Oltre le app per allenarsi: MyWellnes e Unity

Se già Nike+ costituisce un ponte tra applicazioni mobile e tecnologia indossabile, dal connubio tra chi di sport ed attrezzature per lo sport si occupa da sempre e la tecnologia possono emergere forme più avanzate di app per allenarsi come MyWellness e Unity. La prima è la sintesi perfetta tra mondo fisico, community virtuale e allenamento personale: MyWellness infatti permette di tenere la propria palestra o centro sportivo sul palmo della mano aggiungendo semplicemente il proprio club all’app per disporre sia della lista dei corsi e della leaderboard del centro basata sulle moves, delle sorte di punti attività, sia per tenere a portata di mano i propri programmi di allenamento, con un grande bonus: la possibilità di disporre anche di video esplicativi che consentono di rendere autonomo l’allenamento.

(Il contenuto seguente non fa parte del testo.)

Lemma dbind_ret_bij (T U : finType) (d : {ffun T -> R}) (h : T -> U) (h' : U -> T) :
  cancel h h' -> cancel h' h -> forall u, dbind d (fun t => dret R (h t)) u = d (h' u).
Proof.
move=> hK h'K u; rewrite ffunE (bigD1 (h' u)) //= ffunE h'K eqxx mulr1.
rewrite big1 ?addr0 // => t ne_t; rewrite ffunE.
case: eqP => [u_ht|_]; last by rewrite mulr0.
by rewrite u_ht hK eqxx in ne_t.
Qed.

End Distributions.

Lemma big_cycle_expg (V : nmodType) (gT : finGroupType) (x : gT) (F : gT -> V) :
  \sum_(k < #[x]%g) F (x ^+ k)%g = \sum_(y in <[x]>%g) F y.
Proof.
pose expx (k : 'I_#[x]%g) := (x ^+ k)%g.
have inj_expx : {in setT &, injective expx}.
  by move=> i j _ _ /eqP; rewrite eq_expg_mod_order !modn_small // => /eqP/val_inj.
have im_expx : expx @: setT = <[x]>%g.
  apply/eqP; rewrite eqEcard card_in_imset // cardsT card_ord leqnn andbT.
  by apply/subsetP=> _ /imsetP[k _ ->]; apply: mem_cycle.
by rewrite -im_expx big_imset //; apply: eq_bigl => k; rewrite inE.
Qed.

Section Reduction.
Variables (R : realFieldType) (gT1 gT2 : finGroupType) (p : nat)
  (e : gT1 -> gT1 -> gT2) (M : comp_model R p e).
Local Notation uc := (unit_cost M).

Definition realizable (I O : finType) (D : I -> {ffun O -> R}) (n : nat) :=
  exists A : alg M I O, (time M A <= n)%N /\ forall i, run M A i = D i.

Definition computable (I O : finType) (f : I -> O) (n : nat) :=
  realizable (fun i => dret R (f i)) (n * uc).

Lemma realizableW (I O : finType) (D : I -> {ffun O -> R}) n m :
  (n <= m)%N -> realizable D n -> realizable D m.
Proof. by move=> le_nm [A [tA rA]]; exists A; split; first exact: leq_trans le_nm. Qed.

Lemma eq_realizable (I O : finType) (D D' : I -> {ffun O -> R}) n :
  (forall i, D i = D' i) -> realizable D n -> realizable D' n.
Proof. by move=> DD' [A [tA rA]]; exists A; split=> // i; rewrite rA. Qed.

Lemma realizable_alg (I O : finType) (A : alg M I O) : realizable (run M A) (time M A).
Proof. by exists A. Qed.

Lemma realizable_bind (I J K : finType) (D : I -> {ffun J -> R})
    (F : J -> {ffun K -> R}) n m :
  realizable D n -> realizable F m -> realizable (fun i => dbind (D i) F) (n + m + uc).
Proof.
case=> A [tA rA] [B [tB rB]]; have [C [tC rC]] := comp_ex A B.
exists C; split; first by apply: leq_trans tC _; rewrite leq_add2r leq_add.
by move=> i; rewrite rC rA; apply: eq_dbind.
Qed.

Lemma realizable_pair (I J K : finType) (D : I -> {ffun J -> R})
    (E : I -> {ffun K -> R}) n m :
  realizable D n -> realizable E m ->
  realizable (fun i => dbind (D i) (fun j => dbind (E i) (fun k => dret R (j, k))))
    (n + m + uc).
Proof.
case=> A [tA rA] [B [tB rB]]; have [C [tC rC]] := pair_ex A B.
exists C; split; first by apply: leq_trans tC _; rewrite leq_add2r leq_add.
by move=> i; rewrite rC rA rB.
Qed.

Lemma realizable_unif (I : finType) : realizable (fun _ : I => dunif R 'I_p) uc.
Proof. exact: samp_ex. Qed.

Lemma computable_unit (I O : finType) (f : I -> O) :
  realizable (fun i => dret R (f i)) uc -> computable f 1.
Proof. by apply: realizableW; rewrite mul1n. Qed.

Lemma computable_comp (I J K : finType) (f : I -> J) (h : J -> K) n m :
  computable f n -> computable h m -> computable (fun i => h (f i)) (n + m + 1).
Proof.
move=> cf ch; rewrite /computable !mulnDl mul1n.
by apply: eq_realizable (realizable_bind cf ch) => i; rewrite dbind_retl.
Qed.

Lemma computable_pair (I J K : finType) (f : I -> J) (h : I -> K) n m :
  computable f n -> computable h m -> computable (fun i => (f i, h i)) (n + m + 1).
Proof.
move=> cf ch; rewrite /computable !mulnDl mul1n.
by apply: eq_realizable (realizable_pair cf ch) => i; rewrite !dbind_retl.
Qed.

Lemma computable_fst (I J : finType) : computable (fun x : I * J => x.1) 1.
Proof. exact/computable_unit/fst_ex. Qed.

Lemma computable_snd (I J : finType) : computable (fun x : I * J => x.2) 1.
Proof. exact/computable_unit/snd_ex. Qed.

Lemma computable_id (I J : finType) : computable (fun x : I * J => x) 3.
Proof.
apply: eq_realizable (computable_pair (computable_fst I J) (computable_snd I J)).
by case.
Qed.

Lemma computable_mul1 : computable (fun x : gT1 * gT1 => x.1 * x.2)%g 1.
Proof. exact/computable_unit/mul1_ex. Qed.

Lemma computable_inv1 : computable (fun x : gT1 => x^-1)%g 1.
Proof. exact/computable_unit/inv1_ex. Qed.

Lemma computable_exp1 : computable (fun x : gT1 * 'I_p => x.1 ^+ x.2)%g 1.
Proof. exact/computable_unit/exp1_ex. Qed.

Lemma computable_mul2 : computable (fun x : gT2 * gT2 => x.1 * x.2)%g 1.
Proof. exact/computable_unit/mul2_ex. Qed.

Lemma computable_pairing : computable (fun x : gT1 * gT1 => e x.1 x.2) 1.
Proof. exact/computable_unit/pairing_ex. Qed.

Lemma realizable_on_fst (I J K : finType) (D : I -> {ffun J -> R}) n :
  realizable D n ->
  realizable (fun w : I * K => dbind (D w.1) (fun j => dret R (j, w.2))) (n + 4 * uc).
Proof.
move=> rD; apply: (@realizableW _ _ _ (1 * uc + n + uc + 1 * uc + uc)); first lia.
apply: eq_realizable
  (realizable_pair (realizable_bind (computable_fst I K) rD) (computable_snd I K)) => w.
by rewrite dbind_retl; apply: eq_dbind => j; rewrite dbind_retl.
Qed.

Lemma computable_blind :
  computable (fun z : gT1 * gT1 * gT1 * 'I_p =>
    let: (g, u, v, k) := z in ((g, e u v * e g (g ^+ k)), g ^+ k)%g) 47.
Proof.
pose I := (gT1 * gT1 * gT1 * 'I_p)%type.
have g_ : computable (fun z : I => z.1.1.1) _ :=
  computable_comp (computable_comp (computable_fst _ _) (computable_fst _ _))
    (computable_fst _ _).
have u_ : computable (fun z : I => z.1.1.2) _ :=
  computable_comp (computable_comp (computable_fst _ _) (computable_fst _ _))
    (computable_snd _ _).
have v_ : computable (fun z : I => z.1.2) _ :=
  computable_comp (computable_fst _ _) (computable_snd _ _).
have gk_ := computable_comp (computable_pair g_ (computable_snd _ _)) computable_exp1.
have x_ := computable_comp
  (computable_pair (computable_comp (computable_pair u_ v_) computable_pairing)
                   (computable_comp (computable_pair g_ gk_) computable_pairing))
  computable_mul2.
by apply: eq_realizable (computable_pair (computable_pair g_ x_) gk_) => -[[[]]].
Qed.

Definition cdh_of_owp (A : alg M (gT1 * gT2)%type gT1) (i : gT1 * gT1 * gT1) :
    {ffun gT1 -> R} :=
  let: (g, u, v) := i in
  dbind (dunif R 'I_p) (fun k : 'I_p =>
    dbind (run M A (g, e u v * e g (g ^+ k))%g) (fun y => dret R (y * (g ^+ k)^-1)%g)).

Lemma realizable_cdh_of_owp (A : alg M (gT1 * gT2)%type gT1) :
  realizable (cdh_of_owp A) (time M A + 66 * uc).
Proof.
have sample : realizable
    (fun i : gT1 * gT1 * gT1 => dbind (dunif R 'I_p) (fun k => dret R (i, k)))
    (3 * uc + uc + uc).
  apply: eq_realizable (realizable_pair (computable_id _ _) (realizable_unif _)) => i.
  by rewrite dbind_retl.
have unblind := computable_comp
  (computable_pair (computable_fst _ _) (computable_comp (computable_snd _ _) computable_inv1))
  computable_mul1.
have := realizable_bind sample (realizable_bind computable_blind
          (realizable_bind (realizable_on_fst gT1 (realizable_alg A)) unblind)).
move/eq_realizable => /(_ (cdh_of_owp A)) rB; apply: realizableW (rB _) => [|[[g u] v]].
  lia.
rewrite dbindA; apply: eq_dbind => k; rewrite dbind_retl /= dbind_retl dbindA.
by apply: eq_dbind => y; rewrite dbind_retl.
Qed.

Lemma cdh_of_owpE (A : alg M (gT1 * gT2)%type gT1) (g u v o : gT1) :
  cdh_of_owp A (g, u, v) o =
  (p%:R)^-1 * \sum_(k < p) run M A (g, e u v * e g (g ^+ k))%g (o * g ^+ k)%g.
Proof.
rewrite ffunE mulr_sumr; apply: eq_bigr => k _.
by rewrite ffunE card_ord (dbind_ret_bij _ (mulgKV _) (mulgK _)).
Qed.

Lemma owp_successE (A : alg M (gT1 * gT2)%type gT1) :
  owp_success A = ((#|gens1 gT1| * #|gT2|)%N%:R)^-1 *
                  \sum_(g in gens1 gT1) \sum_(y : gT1) run M A (g, e g y) y.
Proof.
congr (_ * _); apply: eq_bigr => g _.
by rewrite (exchange_big_dep xpredT) //=; apply: eq_bigr => y _; rewrite (big_pred1 (e g y)).
Qed.

Lemma pairing_expgM (g : gT1) (a b k : nat) : pairing_bilinear e ->
  (e (g ^+ a) (g ^+ b) * e g (g ^+ k) = e g (g ^+ (a * b) * g ^+ k))%g.
Proof.
move=> bil; have e_gX n : e g (g ^+ n)%g = (e g g ^+ n)%g.
  by rewrite -{1}(expg1 g) bil mul1n.
by rewrite bil -expgD !e_gX expgD.
Qed.

Lemma cdh_success_cdh_of_owp (A : alg M (gT1 * gT2)%type gT1)
    (B : alg M (gT1 * gT1 * gT1)%type gT1) :
  #|gT1| = p -> #|gT2| = p -> pairing_bilinear e ->
  (forall i, run M B i = cdh_of_owp A i) -> cdh_success B = owp_success A.
Proof.
move=> card_gT1 card_gT2 bil runB.
have p_neq0 : (p%:R : R) != 0.
  by rewrite pnatr_eq0 -lt0n -card_gT1; apply/card_gt0P; exists 1%g.
pose S g := \sum_(y : gT1) run M A (g, e g y) y.
have cdh_at g : g \in gens1 gT1 ->
    \sum_(a < p) \sum_(b < p) run M B (g, g ^+ a, g ^+ b)%g (g ^+ (a * b))%g = p%:R * S g.
  rewrite inE => /eqP gen_g.
  have sum_expg (F : gT1 -> R) : \sum_(k < p) F (g ^+ k)%g = \sum_y F y.
    rewrite -card_gT1 -cardsT gen_g big_cycle_expg -gen_g.
    by apply: eq_bigl => y; rewrite inE.
  transitivity (\sum_(a < p) \sum_(b < p) ((p%:R)^-1 * S g)).
    apply: eq_bigr => a _; apply: eq_bigr => b _; rewrite runB cdh_of_owpE.
    under eq_bigr do rewrite pairing_expgM //.
    rewrite (sum_expg (fun y => run M A (g, e g (g ^+ (a * b) * y)) (g ^+ (a * b) * y))%g).
    by congr (_ * _); rewrite [RHS](reindex_inj (mulgI (g ^+ (a * b))%g)).
  rewrite !sumr_const card_ord -mulrnA -[_ *+ (p * p)]mulr_natr natrM.
  by rewrite mulrC mulrA mulfK.
rewrite owp_successE /cdh_success card_gT2 (eq_bigr _ cdh_at) -mulr_sumr mulrA.
by congr (_ * _); rewrite !natrM !invfM -!mulrA mulVf ?mulr1.
Qed.

End Reduction.

Theorem propositionC1 :
  exists C : nat,
  forall (R : realFieldType) (gT1 gT2 : finGroupType) (p : nat)
         (e : gT1 -> gT1 -> gT2),
    prime p -> #|gT1| = p -> #|gT2| = p ->
    pairing_bilinear e -> pairing_nondegenerate e ->
    forall (M : comp_model R p e) (t : nat) (eps : R),
      CDH_assumption M t eps ->
      forall t' : nat, (t' + C * unit_cost M <= t)%N ->
        one_way_pairing M t' eps.
Proof.
exists 66 => R gT1 gT2 p e _ card_gT1 card_gT2 bil _ M t eps cdh t' le_t A tA.
have [B [tB runB]] := realizable_cdh_of_owp A.
rewrite -(cdh_success_cdh_of_owp card_gT1 card_gT2 bil runB); apply: cdh.
by apply: leq_trans tB _; rewrite (leq_trans _ le_t) // leq_add2r.
Qed.
(* (Hyperdense coding and superadditivity in hypersphere theories.) Let $N\ge1$, $n=2^N-1$, and consider the bipartite hypersphere theory with joint state space $\Omega_{AB}$, effects $\mathcal E_{AB}$ and allowed local transformations the convex hull of $\{T_\mu\}$, as defined in the context. In the dense coding protocol where Alice and Bob share $\phi_{\mathbf 0}$, Alice encodes $x\in\{0,1\}^N$ by applying $T_x$ and Bob measures $\{E_y\}_{y\in\{0,1\}^N}$, one has $p(y|x)=\delta_{y,x}$. Consequently $$\chi_C(\Omega_{AB})\ge\chi_{DC}(\Omega_{AB})\ge N,$$ whereas $\chi_C(\Omega_A)=\chi_C(\Omega_B)=1$. In particular for $N\ge3$ the protocol is hyperdense ($\chi_{DC}>2\chi_C(\Omega_A)$) and the classical capacity is superadditive: $\chi_C(\Omega_{AB})>\chi_C(\Omega_A)+\chi_C(\Omega_B)$.
   Context: The $n$-dimensional hypersphere theory has state space $\Omega_n=\{(1,r)^{\mathrm t}: r\in\mathbb R^n,\ \lVert r\rVert\le1\}$, unit effect $u=(1,\mathbf 0)^{\mathrm t}$, effects $\mathcal E=\{e:0\le e\cdot\omega\le1\ \forall\omega\in\Omega_n\}$; here $\Omega_A=\Omega_B=\Omega_n$. Bipartite states are real $2^N\times2^N$ matrices, identified with $\mathbb R^{2^N}\otimes\mathbb R^{2^N}$ via $v\otimes w=vw^{\mathrm t}$, inner product $X\cdot Y=\mathrm{Tr}(X^{\mathrm t}Y)$; $\Omega_A\otimes_{\min}\Omega_B$ is the convex hull of product states. Coordinates of $\mathbb R^{2^N}$ are indexed by $\nu\in\{0,1\}^N$, with $\nu=\mathbf 0$ the first coordinate. For $\mu\in\{0,1\}^N$, $(d_\mu)_\nu=(-1)^{\mu\cdot\nu}$ ($\mu\cdot\nu$ = inner product mod 2); $\phi_\mu=\mathrm{diag}(d_\mu)$; $\Omega_{AB}=$ convex hull of $\Omega_A\otimes_{\min}\Omega_B\cup\{\phi_\mu\}$; $\mathcal E_{AB}=\{E:0\le E\cdot\phi\le1\ \forall\phi\in\Omega_{AB}\}$; $E_\mu=2^{-N}\phi_\mu$; $T_\mu=\phi_\mu$ acting on $A$ by $\phi\mapsto T_\mu\phi$. Classical capacity $\chi_C(\Omega)$ of a state space with effect set: supremum of $I(X:Y)$ over finite message distributions $p_x$, states $\omega_x\in\Omega$ and measurements (finite families of effects summing to the unit) with $p(y|x)=e_y\cdot\omega_x$. Dense coding protocol with initial state $\phi$: message distribution $p_x$, allowed local transformations $T_x$ on $A$, measurement $\{E_y\}\subset\mathcal E_{AB}$, $p(y|x)=E_y\cdot(T_x\phi)$; $\chi_{DC}(\Omega_{AB})$ is the supremum of $I(X:Y)$ over all such protocols and initial states. *)

From HB Require Import structures.
From Stdlib Require Import Reals.
From mathcomp Require Import all_boot.

Set Implicit Arguments.
Unset Strict Implicit.
Unset Printing Implicit Defensive.

Local Open Scope R_scope.

Lemma Rplus_assoc' : associative Rplus.
Proof. by move=> x y z; rewrite Rplus_assoc. Qed.
Lemma Rplus_comm' : commutative Rplus.
Proof. exact: Rplus_comm. Qed.
Lemma Rplus_0_l' : left_id 0 Rplus.
Proof. exact: Rplus_0_l. Qed.

HB.instance Definition _ :=
  Monoid.isComLaw.Build R 0 Rplus Rplus_assoc' Rplus_comm' Rplus_0_l'.

Definition sumR {T : finType} (f : T -> R) : R := \big[Rplus/0]_(i : T) f i.

Definition fdot {T : finType} (f g : T -> R) : R := sumR (fun i => f i * g i).

Definition conv {A : Type} (S : (A -> R) -> Prop) (x : A -> R) : Prop :=
  exists (k : nat) (l : 'I_k -> R) (s : 'I_k -> A -> R),
    (forall i, 0 <= l i) /\ sumR l = 1 /\ (forall i, S (s i)) /\
    (forall a, x a = sumR (fun i => l i * s i a)).

(* coordinates of R^(2^N) indexed by nu in {0,1}^N *)
Definition idx (N : nat) := {ffun 'I_N -> bool}.
Definition zero_idx (N : nat) : idx N := [ffun _ => false].
Definition vec (N : nat) := idx N -> R.
Definition mat (N : nat) := (idx N * idx N)%type -> R.

(* mu . nu (its parity is what matters; we use (-1)^(count)) *)
Definition bdot (N : nat) (mu nu : idx N) : nat := #|[set i | mu i && nu i]|.
Definition dvec (N : nat) (mu : idx N) : vec N := fun nu => (-1) ^ (bdot mu nu).

Definition Omega (N : nat) (v : vec N) : Prop :=
  v (zero_idx N) = 1 /\
  sumR (fun i => if i == zero_idx N then 0 else (v i) ^ 2) <= 1.

Definition unit_vec (N : nat) : vec N := fun i => if i == zero_idx N then 1 else 0.

Definition Effect (N : nat) (e : vec N) : Prop :=
  forall w, Omega w -> 0 <= fdot e w <= 1.

Definition tensor (N : nat) (v w : vec N) : mat N := fun ij => v ij.1 * w ij.2.

Definition phi (N : nat) (mu : idx N) : mat N :=
  fun ij => if ij.1 == ij.2 then dvec mu ij.1 else 0.

Definition MinTensor (N : nat) (X : mat N) : Prop :=
  conv (fun Y => exists v w, Omega v /\ Omega w /\ Y = tensor v w) X.

Definition OmegaAB (N : nat) (X : mat N) : Prop :=
  conv (fun Y => MinTensor Y \/ exists mu : idx N, Y = phi mu) X.

(* Tr(X^t Y) *)
Definition mdot (N : nat) (X Y : mat N) : R := fdot X Y.

Definition EffectAB (N : nat) (E : mat N) : Prop :=
  forall X, OmegaAB X -> 0 <= mdot E X <= 1.

Definition unitAB (N : nat) : mat N := tensor (@unit_vec N) (@unit_vec N).

Definition Emu (N : nat) (mu : idx N) : mat N := fun ij => / 2 ^ N * phi mu ij.

Definition Tmu (N : nat) (mu : idx N) : mat N := phi mu.
Definition AllowedT (N : nat) (T : mat N) : Prop :=
  conv (fun T' => exists mu : idx N, T' = Tmu mu) T.

Definition applyA (N : nat) (T X : mat N) : mat N :=
  fun ij => sumR (fun k : idx N => T (ij.1, k) * X (k, ij.2)).
Lemma l1dist_le_Wpp c a b : 0 <= c -> (forall x y, x != y -> c <= d x y `^ p) ->
  is_prob a -> is_prob b -> c / 2 * l1dist a b <= Wpp d p a b.
Proof. by move=> c_ge0 c_le pa pb; apply: le_Wpp => // pi; exact: l1dist_le_cost. Qed.

Lemma l1dist_lt_of_Wp c a b e : 0 < p -> 0 < c ->
  (forall x y, x != y -> c <= d x y `^ p) -> is_prob a -> is_prob b -> 0 < e ->
  Wp d p a b < (c / 2 * e) `^ p^-1 -> l1dist a b < e.
Proof.
move=> p_gt0 c_gt0 c_le pa pb e_gt0; apply: contraTT; rewrite -!leNgt => le_e.
have c2_ge0 : 0 <= c / 2 by rewrite divr_ge0 ?ltW.
apply: ge0_ler_powR.
- by rewrite invr_ge0 ltW.
- by rewrite nnegrE mulr_ge0 // ltW.
- by rewrite nnegrE Wpp_ge0.
- exact: le_trans (ler_wpM2l c2_ge0 le_e) (l1dist_le_Wpp (ltW c_gt0) c_le pa pb).
Qed.

Lemma cost_ubound : exists2 M, 0 <= M & forall x y, d x y `^ p <= M.
Proof.
exists (\big[Num.max/0]_(z : D * D) d z.1 z.2 `^ p); first exact: bigmax_ge_id.
by move=> x y; exact: (le_bigmax 0 (fun z : D * D => d z.1 z.2 `^ p) (x, y)).
Qed.

Lemma offdiag_cost_lbound : is_metric d ->
  exists2 c, 0 < c & forall x y, x != y -> c <= d x y `^ p.
Proof.
move=> [d_ge0 d_eq0 _ _].
exists (\big[Num.min/1]_(z : D * D | z.1 != z.2) d z.1 z.2 `^ p).
  apply: lt_bigmin => // z z12; apply: powR_gt0; rewrite lt_def d_ge0 andbT.
  by apply: contra z12 => /eqP /d_eq0 ->.
by move=> x y xy; exact: (bigmin_le_cond 1 (j := (x, y))).
Qed.

Lemma l1_dense_of_Wp_dense (mu : nat -> {ffun D -> R}) : 0 < p -> is_metric d ->
  (forall k, is_prob (mu k)) ->
  (forall nu, is_prob nu -> forall e, 0 < e -> exists k, Wp d p nu (mu k) < e) ->
  forall e, 0 < e -> forall nu, is_prob nu -> exists k, l1dist nu (mu k) < e.
Proof.
move=> p_gt0 /offdiag_cost_lbound [c c_gt0 c_le] mu_prob W_dense e e_gt0 nu nu_prob.
have ce_gt0 : 0 < c / 2 * e by rewrite mulr_gt0 // divr_gt0.
have [k Wk] := W_dense nu nu_prob _ (powR_gt0 p^-1 ce_gt0).
by exists k; exact: l1dist_lt_of_Wp Wk.
Qed.

Section CostBound.
Variable M : R.
Hypothesis M_ge0 : 0 <= M.
Hypothesis cost_le : forall x y, d x y `^ p <= M.

Lemma cost_le_mass pi : (forall z, 0 <= pi z) -> cost pi <= M * \sum_z pi z.
Proof. by move=> pi0; rewrite mulr_sumr; apply: ler_sum => z _; rewrite ler_wpM2r. Qed.

Lemma ctrans_oscillation psi x x' : ctrans d p psi x - ctrans d p psi x' <= M.
Proof.
suff : ctrans d p psi x - M <= ctrans d p psi x' by lra.
apply: lb_le_inf; first by eexists; exists x'.
move=> _ [y _ <-]; have := ctrans_le psi x y; have := cost_le x y.
have := powR_ge0 (d x' y) p; lra.
Qed.

(* Keep the part of [pi] that brings mass [min (a y) (b y)] to each [y], and
   couple the leftover marginals independently; the leftover mass is at most
   [|a - b|_1] and each unit of it costs at most [M]. *)
Lemma coupling_glue th a b pi : is_prob th -> is_prob a -> is_prob b ->
  coupling th b pi ->
  exists2 pi', coupling th a pi' & cost pi' <= cost pi + M * l1dist a b.
Proof.
move=> pth pa pb th_b_pi; have [a0 _] := pa; have [b0 _] := pb.
pose m y := Num.min (a y) (b y).
have m_itv y : 0 <= m y <= b y by rewrite le_min a0 b0 ge_min lexx orbT.
pose pi1 := shrink_right pi b m.
have pi1_le := shrink_right_le th_b_pi m_itv.
have rm1 := rmarg_shrink_right th_b_pi m_itv.
have pi10 z : 0 <= pi1 z by have /andP[] := pi1_le z.
have l1 x : lmarg pi1 x <= th x.
  have [_ <- _] := th_b_pi; rewrite ffunE; apply: ler_sum => y _.
  by have /andP[] := pi1_le (x, y).
have r1 y : rmarg pi1 y <= a y by rewrite rm1 ge_min lexx.
have plan_c := gap_plan_coupling pth pa l1 r1; have [plan0 _ _] := plan_c.
exists (pi1 + indep_plan (th - lmarg pi1) (a - rmarg pi1)).
  exact: coupling_complete pth pa pi10 l1 r1.
rewrite costD; apply: lerD; first by apply: ler_cost => z; have /andP[] := pi1_le z.
apply: le_trans (cost_le_mass plan0) _.
rewrite (coupling_mass plan_c) ler_wpM2l //; apply: ler_sum => y _.
by rewrite 2!ffunE rm1 /m; case: (lerP (a y) (b y)) => [ab|_]; rewrite ?subrr ?subr_ge0.
Qed.

Lemma Wpp_lipschitz th a b : is_prob th -> is_prob a -> is_prob b ->
  Wpp d p th a <= Wpp d p th b + M * l1dist a b.
Proof.
move=> pth pa pb; apply/ler_addgt0Pr => e e_gt0.
have [pi pi_c pi_near] := Wpp_near_cost pth pb e_gt0.
have [pi' pi'_c pi'_cost] := coupling_glue pth pa pb pi_c.
have := Wpp_le_cost pi'_c; lra.
Qed.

UNITY è il passo ulteriore verso una generazione più avanzata di fitness tracker. Si tratta di una cardio console basata su tecnologia Android che di fatto funziona come un tablet. Se ne avete mai usata una saprete che il suo punto forte è l’esperienza utente fortemente personalizzata. UNITY infatti è parte integrante degli attrezzi Technogym e dialoga con praticamente tutte le app dell’azienda italiana. Basta loggarsi ad inizio sessione per poter non solo automaticamente disporre del proprio percorso di allenamento come definito dai coach (e consultabile su MyWellness), ma anche per godersi l’allenamento grazie a features come la simulazione in esterni virtuali, la fruizione di news, video, programmi TV e l’uso dei social media. Nel momento in cui in pratica l’utente sale sulla pedana e si logga l’attrezzo diventa suo, offrendo un’esperienza altamente personalizzata.

Nell’era insomma dell’allenamento connesso, del quantified self e della condivisone degli allenamenti, la mancanza degli istessi è solo un alibi.O un’altra sfida da superare. Come dei veri atleti.